On Friday, June 12, the government of the autonomous region of Bougainville announced that the State of Emergency (SoE) introduced to prevent the spread of the coronavirus disease (COVID-19) will be extended through August 14. The SoE places limits on movement and travel, however, commercial flights between Bougainville and Papua New Guinea via Buka Airport (BUA) were resumed on Monday, May 18. There are currently no recorded cases of COVID-19 in Bougainville, however, the government of the region considered the threat of an outbreak justified the extension. The government has clarified that elections that are slated to occur in August will occur with the SoE in place.

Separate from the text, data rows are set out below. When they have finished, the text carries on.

Section RestrictedPoisson.
Variables (K : fieldType) (A : lmodType K) (mul br : A -> A -> A) (pm : A -> A).
Hypotheses (charK : 2%N \in [pchar K]) (rPA : is_rPA mul br pm).

Lemma mul_linear_l z : is_linear (mul^~ z).
Proof. by move=> a x y; case: rPA => ml *; apply: ml. Qed.
Lemma br_linear_l z : is_linear (br^~ z).
Proof. by move=> a x y; case: rPA => _ _ _ [[bl *]]; apply: bl. Qed.
Lemma br_linear_r z : is_linear (br z).
Proof. by move=> a x y; case: rPA => _ _ _ [[_ brr *]]; apply: brr. Qed.

Lemma mulC x y : mul x y = mul y x. Proof. by case: rPA. Qed.
Lemma mulDl x y z : mul (x + y) z = mul x z + mul y z.
Proof. exact: is_linearD (mul_linear_l z) x y. Qed.
Lemma mulDr x y z : mul z (x + y) = mul z x + mul z y.
Proof. by rewrite !(mulC z) mulDl. Qed.
Lemma mul0r x : mul x 0 = 0.
Proof. by rewrite mulC; apply: is_linear0 (mul_linear_l x). Qed.

Lemma brDl x y z : br (x + y) z = br x z + br y z.
Proof. exact: is_linearD (br_linear_l z) x y. Qed.
Lemma brZl a x z : br (a *: x) z = a *: br x z.
Proof. exact: is_linearZ (br_linear_l z) a x. Qed.
Lemma brDr x y z : br z (x + y) = br z x + br z y.
Proof. exact: is_linearD (br_linear_r z) x y. Qed.
Lemma brZr a x z : br z (a *: x) = a *: br z x.
Proof. exact: is_linearZ (br_linear_r z) a x. Qed.
Lemma br0r x : br x 0 = 0.
Proof. exact: is_linear0 (br_linear_r x). Qed.
Lemma brxx x : br x x = 0. Proof. by case: rPA => _ _ _ [[]]. Qed.
Lemma brC x y : br x y = br y x.
Proof. exact: alt_bilin_sym charK br_linear_l br_linear_r brxx x y. Qed.
Lemma br_jacobi x y z : br x (br y z) + br y (br z x) + br z (br x y) = 0.
Proof. by case: rPA => _ _ _ [[]]. Qed.
Lemma br_pm x y : br (pm x) y = br x (br x y).
Proof. by case: rPA => _ _ _ [[_ _ _ _ []]]. Qed.

Section Deformation.
Variable mu : A -> A -> A.
Hypothesis X2mu : in_X2 mul mu.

On Wednesday, June 3, Papua New Guinea's parliament has voted to extend the nationwide SoE introduced due to COVID-19 for two further weeks through Tuesday, June 16. The SoE, which has been in place since March 24, restricts border entry and public movement. Nightclubs, bookmakers, and liquor stores remain closed, while other businesses have been forced to close due to a lack of trade. Parliament is due to bring out further guidance on how the government plans to exit the SoE, including the further reopening of the economy.
Papua New Guinea allowed schools to reopen as of May 4, following a five-week suspension of classes. The wearing of face masks by teachers and students is mandatory, as well as frequent hand-washing. However, school attendance is not compulsory, allowing parents to not take their children to school if they do not believe it is safe.
The curfews in the National Capital District and Central province were lifted on May 4. Businesses including hotels and restaurants are permitted to operate, in addition to pharmacies, banks, supermarkets, and wholesalers. The public has been urged to continue to observe social distancing measures and a ban on public gatherings remains in place. Public transport has resumed operations, albeit with limits on passenger numbers. However, all nonessential workers are to continue staying home.
As of June 12, eight COVID-19 cases have been confirmed across Papua New Guinea, and no associated deaths. Further international spread of the virus is expected over the near term.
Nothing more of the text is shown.